Now, difficulties arose with speaker recognition. If the introduction round is missing at the beginning, how is the model supposed to know who is speaking?
The idea: Cut out an intro, about 2–3 minutes long, where everyone gets a chance to speak, and attach the intro to each chunk.

This trick works well for speaker recognition, but now each chunk contains the intro, which I then have to remove from the transcript. This is more complicated than expected because you can’t just search for text, not even with similarity search. The model sometimes combines sections of the same person, and it becomes tricky if the last text block in the intro is an “um.” I speak from experience…

Solution: Record a concise, simple separator sentence that will never naturally occur and is always transcribed clearly. The audio of the separator sentence is inserted between the intro and the chunk with a few seconds of pause in between. This method is very reliable.

Transcript Format

I designed JSON format to be flexible in the downstream process.

[
  {
    "speaker": "Hermann",
    "text": "Hello and welcome to the INNOQ podcast. Today, I am with Somebody.",
    "timestamp": "00:00"
  },
  {
    "speaker": "Somebody",
    "text": "Hello, I am Somebody, thanks for having me.",
    "timestamp": "00:05"
  }
  ...
]

Models are Fickle

The first model I tried was Gemini 2.0 Flash experimental. The texts were very precise, but the timestamps were off badly. Additionally, the model often became lazy as it approached 4000 output tokens. People were no longer separated, and at the end of a chunk, I found large text blocks. It also no longer bothered to properly complete the defined JSON structure.

Surprise! We cannot use the full allowed amount of output tokens.

With the Pro version, everything took far too long, and the result wasn’t better.

After a Google update, to my surprise Gemini-2.0-flash-lite-preview-02–05 could output timestamps to the second and made no errors in the text. However, it inherited the laziness.

Models Can’t Do Everything

To get the correct spelling of difficult names, I created a glossary file that is inserted into the transcription prompt. This prevents glitches like “Jason” instead of “JSON” or “Chat GPT” instead of “ChatGPT.” This works very well.

Person recognition hits its limits when the recording quality is mediocre or when people are speaking simultaneously. Also, the model has an easier time recognizing people when the pitch of the voices is different.

Other Implementation Details

All intermediate results are cached in files. A restart is always possible without having to begin from scratch.

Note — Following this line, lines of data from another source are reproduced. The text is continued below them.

(* Let $X$ be a real Hilbert space and $T\colon X\to X$ averaged nonexpansive with $\operatorname{Fix}T\ne\varnothing$. Suppose that for every $\rho>0$ there exists $\theta<1$ such that for every $x$ with $\|x\|\le\rho$ there is $y\in\operatorname{Fix}T$ with $\langle x-y,Tx-y\rangle\le\theta\|x-y\|\,\|Tx-y\|$. Then $T$ is boundedly linearly regular; moreover, if $\theta$ can be chosen independently of $\rho$, then $T$ is linearly regular.
   Context: $T$ is averaged nonexpansive if $T=(1-\lambda)\mathrm{Id}+\lambda N$ with $\lambda\in[0,1[$ and $N$ nonexpansive. $T$ is linearly regular if there is $\kappa\ge0$ with $d_{\operatorname{Fix}T}(x)\le\kappa\|x-Tx\|$ for all $x\in X$; boundedly linearly regular if for each $\rho>0$ there is $\kappa\ge0$ with this inequality for all $\|x\|\le\rho$. *)

From Stdlib Require Import Reals.
Open Scope R_scope.

Record HilbertSpace := {
  hcar :> Type;
  hzero : hcar;
  hadd : hcar -> hcar -> hcar;
  hopp : hcar -> hcar;
  hscal : R -> hcar -> hcar;
  hinner : hcar -> hcar -> R;
  hadd_assoc : forall x y z, hadd x (hadd y z) = hadd (hadd x y) z;
  hadd_comm : forall x y, hadd x y = hadd y x;
  hadd_zero : forall x, hadd x hzero = x;
  hadd_opp : forall x, hadd x (hopp x) = hzero;
  hscal_one : forall x, hscal 1 x = x;
  hscal_assoc : forall a b x, hscal a (hscal b x) = hscal (a * b) x;
  hscal_distr_l : forall a x y, hscal a (hadd x y) = hadd (hscal a x) (hscal a y);
  hscal_distr_r : forall a b x, hscal (a + b) x = hadd (hscal a x) (hscal b x);
  hinner_sym : forall x y, hinner x y = hinner y x;
  hinner_add_l : forall x y z, hinner (hadd x y) z = hinner x z + hinner y z;
  hinner_scal_l : forall a x y, hinner (hscal a x) y = a * hinner x y;
  hinner_pos : forall x, 0 <= hinner x x;
  hinner_def : forall x, hinner x x = 0 -> x = hzero;
  hcomplete : forall u : nat -> hcar,
    (forall eps, 0 < eps -> exists N, forall m n, (N <= m)%nat -> (N <= n)%nat ->
        sqrt (hinner (hadd (u m) (hopp (u n))) (hadd (u m) (hopp (u n)))) < eps) ->
    exists l, forall eps, 0 < eps -> exists N, forall n, (N <= n)%nat ->
        sqrt (hinner (hadd (u n) (hopp l)) (hadd (u n) (hopp l))) < eps
}.

Arguments hzero {_}.
Arguments hadd {_}.
Arguments hopp {_}.
Arguments hscal {_}.
Arguments hinner {_}.

Definition hsub {X : HilbertSpace} (x y : X) : X := hadd x (hopp y).
Definition hnorm {X : HilbertSpace} (x : X) : R := sqrt (hinner x x).

Definition Fix {X : HilbertSpace} (T : X -> X) : X -> Prop := fun x => T x = x.

Definition nonexpansive {X : HilbertSpace} (N : X -> X) : Prop :=
  forall x y, hnorm (hsub (N x) (N y)) <= hnorm (hsub x y).

Definition averaged_nonexpansive {X : HilbertSpace} (T : X -> X) : Prop :=
  exists (lam : R) (N : X -> X), 0 <= lam /\ lam < 1 /\ nonexpansive N /\
    forall x, T x = hadd (hscal (1 - lam) x) (hscal lam (N x)).

Definition is_dist {X : HilbertSpace} (C : X -> Prop) (x : X) (d : R) : Prop :=
  (forall y, C y -> d <= hnorm (hsub x y)) /\
  (forall b, (forall y, C y -> b <= hnorm (hsub x y)) -> b <= d).

Definition linearly_regular {X : HilbertSpace} (T : X -> X) : Prop :=
  exists kappa, 0 <= kappa /\
    forall x d, is_dist (Fix T) x d -> d <= kappa * hnorm (hsub x (T x)).

Definition boundedly_linearly_regular {X : HilbertSpace} (T : X -> X) : Prop :=
  forall rho, 0 < rho -> exists kappa, 0 <= kappa /\
    forall x d, hnorm x <= rho -> is_dist (Fix T) x d ->
      d <= kappa * hnorm (hsub x (T x)).

(* If the angle at a fixed point y between x - y and T x - y is bounded away
   from 0 in the sense <x - y, Tx - y> <= θ |x - y| |Tx - y| with θ < 1, then
   the law of cosines gives |x - Tx|^2 >= |x - y|^2 + |Tx - y|^2 - 2θ|x - y||Tx - y|
   >= (1 - θ)^2 |x - y|^2, so d(x, Fix T) <= |x - y| <= |x - Tx| / (1 - θ). *)

From Stdlib Require Import Reals Lra Psatz.
Open Scope R_scope.

Section InnerProduct.

Variable X : HilbertSpace.

Lemma hinner_zero_l (z : X) : hinner hzero z = 0.
Proof.
  pose proof (hinner_add_l X hzero hzero z) as H.
  rewrite hadd_zero in H. lra.
Qed.

Lemma hinner_opp_l (x z : X) : hinner (hopp x) z = - hinner x z.
Proof.
  pose proof (hinner_add_l X x (hopp x) z) as H.
  rewrite hadd_opp, hinner_zero_l in H. lra.
Qed.

Lemma hinner_sub_l (x y z : X) : hinner (hsub x y) z = hinner x z - hinner y z.
Proof. unfold hsub. rewrite hinner_add_l, hinner_opp_l. lra. Qed.

Lemma hinner_sub_r (x y z : X) : hinner z (hsub x y) = hinner z x - hinner z y.
Proof. rewrite hinner_sym, hinner_sub_l, (hinner_sym X x), (hinner_sym X y). lra. Qed.

Lemma hnorm_ge0 (x : X) : 0 <= hnorm x.
Proof. apply sqrt_pos. Qed.

Lemma hnorm_sqr (x : X) : hnorm x * hnorm x = hinner x x.
Proof. apply sqrt_sqrt, hinner_pos. Qed.

Lemma law_of_cosines (x y z : X) :
  hnorm (hsub x z) * hnorm (hsub x z) =
  hnorm (hsub x y) * hnorm (hsub x y) + hnorm (hsub z y) * hnorm (hsub z y)
  - 2 * hinner (hsub x y) (hsub z y).
Proof.
  rewrite !hnorm_sqr, !hinner_sub_l, !hinner_sub_r.
  rewrite (hinner_sym X z x), (hinner_sym X y x), (hinner_sym X y z). lra.
Qed.

End InnerProduct.

(* Since a^2 + b^2 - 2tab = t(a - b)^2 + (1 - t)(a^2 + b^2) >= (1 - t)a^2. *)
Lemma cosine_side_lower_bound (a b c ip t : R) :
  0 <= a -> 0 <= b -> 0 <= c -> 0 <= t < 1 ->
  ip <= t * a * b -> c * c = a * a + b * b - 2 * ip -> (1 - t) * a <= c.
Proof.
  intros Ha Hb Hc [Ht0 Ht1] Hip Hc2.
  assert (Hsq : (1 - t) * a * ((1 - t) * a) <= c * c).
  { pose proof (Rle_0_sqr (a - b)). pose proof (Rle_0_sqr b). unfold Rsqr in *.
    assert (0 <= t * ((a - b) * (a - b)) + (1 - t) * (b * b)).
    { apply Rplus_le_le_0_compat; apply Rmult_le_pos; lra. }
    nra. }
  destruct (Rle_lt_dec ((1 - t) * a) c) as [Hle | Hlt]; [exact Hle |].
  nra.
Qed.

(* Negative θ only strengthen the hypothesis, so they are clipped to 0. *)
Definition regularity_constant (theta : R) : R := / (1 - Rmax theta 0).

Lemma regularity_constant_ge0 (theta : R) :
  theta < 1 -> 0 <= regularity_constant theta.
Proof.
  intros Ht. apply Rlt_le, Rinv_0_lt_compat.
  assert (Rmax theta 0 < 1) by (apply Rmax_lub_lt; lra). lra.
Qed.

Lemma is_dist_le_of_angle_bound (X : HilbertSpace) (C : X -> Prop)
    (theta : R) (x y z : X) (d : R) :
  theta < 1 -> C y ->
  hinner (hsub x y) (hsub z y) <= theta * hnorm (hsub x y) * hnorm (hsub z y) ->
  is_dist C x d ->
  d <= regularity_constant theta * hnorm (hsub x z).
Proof.
  intros Htheta Hy Hangle [Hd _].
  set (t := Rmax theta 0).
  assert (Ht : 0 <= t < 1) by (split; [apply Rmax_r | apply Rmax_lub_lt; lra]).
  pose proof (hnorm_ge0 X (hsub x y)) as Ha.
  pose proof (hnorm_ge0 X (hsub z y)) as Hb.
  assert (Hangle_t :
    hinner (hsub x y) (hsub z y) <= t * hnorm (hsub x y) * hnorm (hsub z y)).
  { assert (theta <= t) by apply Rmax_l.
    pose proof (Rmult_le_pos _ _ Ha Hb). nra. }
  pose proof (cosine_side_lower_bound _ _ _ _ _ Ha Hb (hnorm_ge0 X (hsub x z))
                Ht Hangle_t (law_of_cosines X x y z)) as Hlow.
  apply Rle_trans with (hnorm (hsub x y)); [exact (Hd y Hy) |].
  apply Rmult_le_reg_l with (1 - t); [lra |].
  unfold regularity_constant; fold t.
  rewrite <- Rmult_assoc, Rinv_r by lra. lra.
Qed.

Theorem lemma3p5 (X : HilbertSpace) (T : X -> X) :
  averaged_nonexpansive T ->
  (exists z, Fix T z) ->
  (forall rho, 0 < rho -> exists theta, theta < 1 /\
     forall x : X, hnorm x <= rho -> exists y, Fix T y /\
       hinner (hsub x y) (hsub (T x) y) <= theta * hnorm (hsub x y) * hnorm (hsub (T x) y)) ->
  boundedly_linearly_regular T /\
  ((exists theta, theta < 1 /\
     forall rho, 0 < rho -> forall x : X, hnorm x <= rho -> exists y, Fix T y /\
       hinner (hsub x y) (hsub (T x) y) <= theta * hnorm (hsub x y) * hnorm (hsub (T x) y)) ->
   linearly_regular T).
Proof.
  intros _ _ Hlocal. split.
  - intros rho Hrho. destruct (Hlocal rho Hrho) as [theta [Htheta Hangle]].
    exists (regularity_constant theta).
    split; [now apply regularity_constant_ge0 |].
    intros x d Hx Hd. destruct (Hangle x Hx) as [y [Hy Hxy]].
    exact (is_dist_le_of_angle_bound X _ _ _ _ _ _ Htheta Hy Hxy Hd).
  - intros [theta [Htheta Hangle]].
    exists (regularity_constant theta).
    split; [now apply regularity_constant_ge0 |].
    intros x d Hd.
    assert (Hrho : 0 < hnorm x + 1) by (pose proof (hnorm_ge0 X x); lra).
    destruct (Hangle _ Hrho x ltac:(lra)) as [y [Hy Hxy]].
    exact (is_dist_le_of_angle_bound X _ _ _ _ _ _ Htheta Hy Hxy Hd).
Qed.
(* Let $\mathcal{U}$ be a subspace of $\mathbb{R}^n$. If $u\circ u$ is strictly balanced for every nonzero $u\in\mathcal{U}$, then $\mathcal{U}$ is realizable.
   Context: $u\circ u$ denotes the entrywise square of $u\in\mathbb{R}^n$. A vector $w\in\mathbb{R}^n$ is strictly balanced if $|w_i|<\sum_{j\ne i}|w_j|$ for all $i$. A correlation matrix is a positive semidefinite matrix with unit diagonal; $\mathcal{U}$ is realizable if some $n\times n$ correlation matrix has nullspace containing $\mathcal{U}$. *)

From mathcomp Require Import all_boot all_order all_algebra all_reals.
Set Implicit Arguments. Unset Strict Implicit. Unset Printing Implicit Defensive.
Import Order.TTheory GRing.Theory Num.Theory.
Local Open Scope ring_scope.

Definition hadsq (R : realType) (n : nat) (u : 'cV[R]_n) : 'cV[R]_n :=
  \col_i (u i 0 * u i 0).

Definition strictly_balanced (R : realType) (n : nat) (w : 'cV[R]_n) : Prop :=
  forall i : 'I_n, `|w i 0| < \sum_(j < n | j != i) `|w j 0|.

Definition correlation_matrix (R : realType) (n : nat) (C : 'M[R]_n) : Prop :=
  [/\ C^T = C,
      (forall x : 'cV[R]_n, 0 <= (x^T *m C *m x) 0 0)
    & (forall i : 'I_n, C i i = 1)].

Definition realizable (R : realType) (n : nat) (U : {vspace 'cV[R]_n}) : Prop :=
  exists C : 'M[R]_n, correlation_matrix C /\
    (forall u : 'cV[R]_n, u \in U -> C *m u = 0).

From mathcomp Require Import all_boot all_order all_algebra all_reals.
From mathcomp Require Import lra.
Set Implicit Arguments.
Unset Strict Implicit.
Unset Printing Implicit Defensive.

(* Let [P] be the orthogonal projection onto [U] and [Q = 1 - P]. The column
   [P e_i] lies in [U], and [sum_j P_ji^2 = P_ii], so the balancing hypothesis
   forces [P_ii < 1/2], i.e. [Q_ii > 1/2]. Hence the Hadamard square [H] of
   [Q] has off-diagonal row sums [Q_ii - Q_ii^2 <= 1/4 < Q_jj^2]: it is
   strictly diagonally dominant with nonnegative entries, so [H d = 1] has a
   solution [d >= 0]. Then [C = Q diag(d) Q] is positive semidefinite,
   vanishes on [U], and [C_ii = (H d)_i = 1]. *)

Import Order.TTheory GRing.Theory Num.Theory.
Local Open Scope ring_scope.

Lemma ker0_unitmx (R : fieldType) n (M : 'M[R]_n) :
  (forall x : 'cV_n, M *m x = 0 -> x = 0) -> M \in unitmx.
Proof.
move=> ker0; rewrite -unitmx_tr -row_free_unit; apply: inj_row_free => v vM0.
have /ker0 : M *m v^T = 0 by rewrite -[M]trmxK -trmx_mul vM0 trmx0.
by move/(congr1 trmx); rewrite trmxK trmx0.
Qed.

Section DiagonalDominance.
Variables (R : realFieldType) (n : nat).

(* Levy-Desplanques: look at the coordinate of largest modulus. *)
Lemma ddom_mulmx_eq0 (M : 'M[R]_n) (x : 'cV_n) :
  (forall i, \sum_(j < n | j != i) `|M i j| < `|M i i|) ->
  M *m x = 0 -> x = 0.
Proof.
move=> dom Mx0; apply/matrixP => i j; rewrite [j]ord1 !mxE.
have [k _ kmax] := @real_arg_maxP R _ i xpredT (fun k => `|x k 0|) isT
  (fun _ _ => normr_real _).
have Mxk : M k k * x k 0 = - \sum_(j < n | j != k) M k j * x j 0.
  apply/eqP; rewrite -subr_eq0 opprK.
  by move/matrixP/(_ k 0): Mx0; rewrite !mxE (bigD1 k) //= => ->.
have bound : `|M k k| * `|x k 0| <= (\sum_(j < n | j != k) `|M k j|) * `|x k 0|.
  rewrite -normrM Mxk normrN mulr_suml; apply: le_trans (ler_norm_sum _ _ _) _.
  apply: ler_sum => l _; rewrite normrM; apply: ler_wpM2l; [exact: normr_ge0 | exact: kmax].
have xk0 : `|x k 0| = 0.
  apply/eqP; rewrite eq_le normr_ge0 andbT leNgt; apply/negP => xk_gt0.
  by move: bound; rewrite ler_pM2r // leNgt dom.
by apply/eqP; rewrite -normr_eq0 eq_le normr_ge0 andbT -xk0; exact: kmax.
Qed.

Variable M : 'M[R]_n.
Hypothesis offdiag_ge0 : forall i j, i != j -> 0 <= M i j.
Hypothesis offdiag_sum_lt : forall i j, \sum_(l < n | l != i) M i l < M j j.

Let rowsum_ge0 i : 0 <= \sum_(l < n | l != i) M i l.
Proof. by apply: sumr_ge0 => l li; rewrite offdiag_ge0 // eq_sym. Qed.

Lemma ddom_unitmx : M \in unitmx.
Proof.
apply: ker0_unitmx => x; apply: ddom_mulmx_eq0 => i.
rewrite ger0_norm; last exact: le_trans (rowsum_ge0 i) (ltW (offdiag_sum_lt i i)).
rewrite (eq_bigr (fun j => M i j)) => [|j ji]; first exact: offdiag_sum_lt.
by rewrite ger0_norm // offdiag_ge0 // eq_sym.
Qed.

Lemma offdiag_mul_le (d : 'cV[R]_n) i c :
  (forall j, d j 0 <= c) ->
  \sum_(j < n | j != i) M i j * d j 0 <= (\sum_(j < n | j != i) M i j) * c.
Proof.
move=> dc; rewrite mulr_suml; apply: ler_sum => j ji.
by rewrite ler_wpM2l // offdiag_ge0 // eq_sym.
Qed.

Lemma offdiag_mul_ge (d : 'cV[R]_n) i c :
  (forall j, c <= d j 0) ->
  (\sum_(j < n | j != i) M i j) * c <= \sum_(j < n | j != i) M i j * d j 0.
Proof.
move=> cd; rewrite mulr_suml; apply: ler_sum => j ji.
by rewrite ler_wpM2l // offdiag_ge0 // eq_sym.
Qed.

(* Let [d k] be the least and [d l] the largest coordinate, and [s] the
   off-diagonal row sums. Rows [k] and [l] of [M d = 1] combine into
   [M l l - s k <= d k * (M l l * M k k - s k * s l)], where both brackets
   are positive, so [d k < 0] is impossible. *)
Lemma ddom_sol_ge0 (d : 'cV[R]_n) : M *m d = const_mx 1 -> forall i, 0 <= d i 0.
Proof.
move=> Md1 i.
have [k _ kmin] := @real_arg_minP R _ i xpredT (fun k => d k 0) isT
  (fun _ _ => num_real _).
have [l _ lmax] := @real_arg_maxP R _ i xpredT (fun k => d k 0) isT
  (fun _ _ => num_real _).
apply: le_trans (kmin i isT); rewrite leNgt; apply/negP => dk_lt0.
have row r : 1 = M r r * d r 0 + \sum_(j < n | j != r) M r j * d j 0.
  by move/matrixP/(_ r 0): Md1; rewrite !mxE (bigD1 r).
have rowk := row k; have rowl := row l.
have lek := @offdiag_mul_le d k _ (fun j => lmax j isT).
have gel := @offdiag_mul_ge d l _ (fun j => kmin j isT).
have slk := offdiag_sum_lt k l; have skl := offdiag_sum_lt l k.
have sk0 := rowsum_ge0 k; have sl0 := rowsum_ge0 l.
set sk := \sum_(j < n | j != k) M k j in lek slk sk0.
set sl := \sum_(j < n | j != l) M l j in gel skl sl0.
have up : M l l * (1 - M k k * d k 0) <= M l l * (sk * d l 0).
  by apply: ler_wpM2l; lra.
have down : sk * (M l l * d l 0) <= sk * (1 - sl * d k 0).
  by apply: ler_wpM2l => //; lra.
have prod : sk * sl < M l l * M k k by clear -skl slk sk0 sl0; nra.
clear -rowk rowl lek gel slk dk_lt0 up down prod; nra.
Qed.

End DiagonalDominance.

Section TrmxMulSelf.
Variables (R : realFieldType) (m : nat).

Lemma trmx_mul_self (v : 'cV[R]_m) : (v^T *m v) 0 0 = \sum_i v i 0 ^+ 2.
Proof. by rewrite mxE; apply: eq_bigr => i _; rewrite mxE expr2. Qed.

Lemma trmx_mul_self_ge0 (v : 'cV[R]_m) : 0 <= (v^T *m v) 0 0.
Proof. by rewrite trmx_mul_self sumr_ge0 // => i _; rewrite sqr_ge0. Qed.

Lemma trmx_mul_self_eq0 (v : 'cV[R]_m) : (v^T *m v) 0 0 = 0 -> v = 0.
Proof.
rewrite trmx_mul_self => /psumr_eq0P v0; apply/matrixP => i j.
by rewrite [j]ord1 mxE; apply/eqP; rewrite -sqrf_eq0 v0 // => k _; rewrite sqr_ge0.
Qed.

End TrmxMulSelf.

Section OrthogonalProjection.
Variables (R : realFieldType) (n : nat) (U : {vspace 'cV[R]_n}).

Definition vbasis_mx : 'M[R]_(n, \dim U) :=
  \matrix_(i, j) ((vbasis U)`_j : 'cV[R]_n) i 0.

Lemma vbasis_mxE (y : 'cV_(\dim U)) :
  vbasis_mx *m y = \sum_j y j 0 *: (vbasis U)`_j.
Proof.
apply/matrixP => i c; rewrite [c]ord1 !mxE summxE.
by apply: eq_bigr => j _; rewrite !mxE mulrC.
Qed.

Lemma vbasis_mx_mem (y : 'cV_(\dim U)) : vbasis_mx *m y \in U.
Proof.
rewrite vbasis_mxE; apply: rpred_sum => j _; apply/rpredZ/vbasis_mem.
by rewrite mem_nth ?size_tuple.
Qed.

Lemma vbasis_mxP u : u \in U -> exists y, u = vbasis_mx *m y.
Proof.
move=> Uu; exists (\col_j coord (vbasis U) j u).
by rewrite vbasis_mxE {1}(coord_vbasis Uu); apply: eq_bigr => j _; rewrite mxE.
Qed.

Lemma vbasis_mx_eq0 (y : 'cV_(\dim U)) : vbasis_mx *m y = 0 -> y = 0.
Proof.
rewrite vbasis_mxE => /(freeP (basis_free (vbasisP U))) y0.
by apply/matrixP => i c; rewrite [c]ord1 y0 mxE.
Qed.

Definition gram_mx := vbasis_mx^T *m vbasis_mx.

Lemma gram_mx_unit : gram_mx \in unitmx.
Proof.
apply: ker0_unitmx => y Gy0; apply/vbasis_mx_eq0/trmx_mul_self_eq0.
by rewrite trmx_mul -mulmxA (mulmxA vbasis_mx^T) -/gram_mx Gy0 !mulmx0 mxE.
Qed.

Definition oproj := vbasis_mx *m invmx gram_mx *m vbasis_mx^T.

Lemma oproj_sym : oproj^T = oproj.
Proof.
have gram_sym : gram_mx^T = gram_mx by rewrite trmx_mul trmxK.
by rewrite !trmx_mul trmxK trmx_inv gram_sym mulmxA.
Qed.

Lemma oproj_vbasis_mx : oproj *m vbasis_mx = vbasis_mx.
Proof. by rewrite -!mulmxA -/gram_mx mulVmx ?gram_mx_unit // mulmx1. Qed.

Lemma oproj_idem : oproj *m oproj = oproj.
Proof.
have BP : vbasis_mx^T *m oproj = vbasis_mx^T.
  by rewrite -{1}oproj_sym -trmx_mul oproj_vbasis_mx.
by rewrite {1}/oproj -mulmxA BP.
Qed.

Lemma oproj_mem (x : 'cV_n) : oproj *m x \in U.
Proof. by rewrite -!mulmxA vbasis_mx_mem. Qed.

Lemma oproj_id u : u \in U -> oproj *m u = u.
Proof. by case/vbasis_mxP => y ->; rewrite mulmxA oproj_vbasis_mx. Qed.

Definition coproj := 1%:M - oproj.

Lemma coproj_sym : coproj^T = coproj.
Proof. by rewrite linearB /= oproj_sym trmx1. Qed.

Lemma coproj_idem : coproj *m coproj = coproj.
Proof. by rewrite mulmxBl !mulmxBr !mul1mx mulmx1 oproj_idem subrr subr0. Qed.

Lemma coproj_mem u : u \in U -> coproj *m u = 0.
Proof. by move=> Uu; rewrite mulmxBl mul1mx oproj_id ?subrr. Qed.

End OrthogonalProjection.

Lemma sym_idem_sum_sqr (R : comPzRingType) n (M : 'M[R]_n) i :
  M^T = M -> M *m M = M -> \sum_j M j i ^+ 2 = M i i.
Proof.
move=> Msym Midem; rewrite -[in RHS]Midem mxE; apply: eq_bigr => j _.
by rewrite -[in M i j]Msym mxE expr2.
Qed.

Lemma sym_idem_diag_lt_half (R : realType) n (P : 'M[R]_n) i :
  P^T = P -> P *m P = P ->
  (col i P != 0 -> strictly_balanced (hadsq (col i P))) -> P i i < 1/2.
Proof.
move=> Psym Pidem bal; case: (eqVneq (col i P) 0) => [Pi0|/bal/(_ i)].
  by move/matrixP/(_ i 0): Pi0; rewrite !mxE => ->; lra.
rewrite /hadsq !mxE -expr2 ger0_norm ?sqr_ge0 //.
rewrite (eq_bigr (fun j => P j i ^+ 2)) => [|j _]; last first.
  by rewrite !mxE -expr2 ger0_norm ?sqr_ge0.
have := sym_idem_sum_sqr i Psym Pidem; rewrite (bigD1 i) //=.
by move: (\sum_(j < n | j != i) _) => s; rewrite expr2; nra.
Qed.

Lemma coproj_diag_gt_half (R : realType) n (U : {vspace 'cV[R]_n}) :
  (forall u : 'cV[R]_n, u \in U -> u != 0 -> strictly_balanced (hadsq u)) ->
  forall i, 1/2 < coproj U i i.
Proof.
move=> bal i; have -> : coproj U i i = 1 - oproj U i i by rewrite !mxE eqxx.
suff : oproj U i i < 1/2 by lra.
apply: sym_idem_diag_lt_half (oproj_sym U) (oproj_idem U) _.
by rewrite colE; apply/bal/oproj_mem.
Qed.

(* The off-diagonal row sums of [Q o Q] equal [Q i i - Q i i ^+ 2 <= 1/4]. *)
Lemma sym_idem_hadsq_dominant (R : realFieldType) n (Q : 'M[R]_n) :
  Q^T = Q -> Q *m Q = Q -> (forall i, 1/2 < Q i i) ->
  forall i j, \sum_(l < n | l != i) Q i l ^+ 2 < Q j j ^+ 2.
Proof.
move=> Qsym Qidem Qdiag i j.
have := sym_idem_sum_sqr i Qsym Qidem; rewrite (bigD1 i) //=.
rewrite (eq_bigr (fun l => Q i l ^+ 2)) => [|l _]; last by rewrite -[in Q l i]Qsym mxE.
move: (\sum_(l < n | l != i) _) (Qdiag i) (Qdiag j) => s Qi Qj; rewrite !expr2.
nra.
Qed.

Lemma gram_correlation (R : realType) m n (A : 'M[R]_(m, n)) :
  (forall i, \sum_k A k i ^+ 2 = 1) -> correlation_matrix (A^T *m A).
Proof.
move=> unit_cols; split=> [||i].
- by rewrite trmx_mul trmxK.
- by move=> x; rewrite mulmxA -mulmxA -trmx_mul trmx_mul_self_ge0.
- by rewrite -(unit_cols i) mxE; apply: eq_bigr => k _; rewrite mxE expr2.
Qed.

Theorem corollary4p5 (R : realType) (n : nat) (U : {vspace 'cV[R]_n}) :
  (forall u : 'cV[R]_n, u \in U -> u != 0 -> strictly_balanced (hadsq u)) ->
  realizable U.
Proof.
move=> bal; set Q := coproj U.
have Qsym : Q^T = Q := coproj_sym U.
pose H := map_mx (fun x => x ^+ 2) Q.
have H_offdiag_ge0 i j : i != j -> 0 <= H i j by rewrite mxE sqr_ge0.
have H_dominant i j : \sum_(l < n | l != i) H i l < H j j.
  rewrite mxE (eq_bigr (fun l => Q i l ^+ 2)) => [|l _]; last by rewrite mxE.
  apply: (sym_idem_hadsq_dominant Qsym); [exact: coproj_idem | exact: coproj_diag_gt_half].
pose d : 'cV_n := invmx H *m const_mx 1.
have H_unit := ddom_unitmx H_offdiag_ge0 H_dominant.
have Hd : H *m d = const_mx 1 by rewrite mulmxA mulmxV ?mul1mx.
have d_ge0 := ddom_sol_ge0 H_offdiag_ge0 H_dominant Hd.
pose A := diag_mx (\row_k Num.sqrt (d k 0)) *m Q.
exists (A^T *m A); split.
- apply: gram_correlation => i; move/matrixP/(_ i 0): Hd; rewrite !mxE => <-.
  apply: eq_bigr => k _; rewrite /A mul_diag_mx mxE [(\row__ _) 0 k]mxE [H i k]mxE.
  by rewrite exprMn sqr_sqrtr ?d_ge0 // -[in Q k i]Qsym [Q^T k i]mxE mulrC.
- by move=> u Uu; rewrite -!mulmxA coproj_mem ?mulmx0.
Qed.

A postprocessing step reads prompts from files and applies them to the raw transcript. This allows for fully automatic translation, removal of “uhh” from sentences, simplification of convoluted text, creation of summaries of different lengths and types, etc. The possibilities are endless. Due to caching, experiments with postprocessing take little time.

Flowchart

Flowchart of the process from podcast recording through compression, MP3 conversion, transcription, chunking, use of glossaries and prompt files, to translation, cleanup, and summarization

Recap

The prerequisite for good transcripts is high recording quality.

The precision of the transcript is remarkably high. Every word and sound is recognized. Post-editing is only necessary when new names appear that the model does not recognize or cannot spell correctly. These are added to the glossary file, and the output improves next time.

With second-accurate timestamps, I can randomly check if speakers are correctly assigned in suspicious passages. We believe it’s acceptable if someone is occasionally mixed up, as long as the content is completely correct.

The preparation of the audio material took the most development time. The second most time-consuming task was understanding the peculiarities of the model.

It was worthwhile to build a custom tool for this, as special tasks can be targeted more precisely.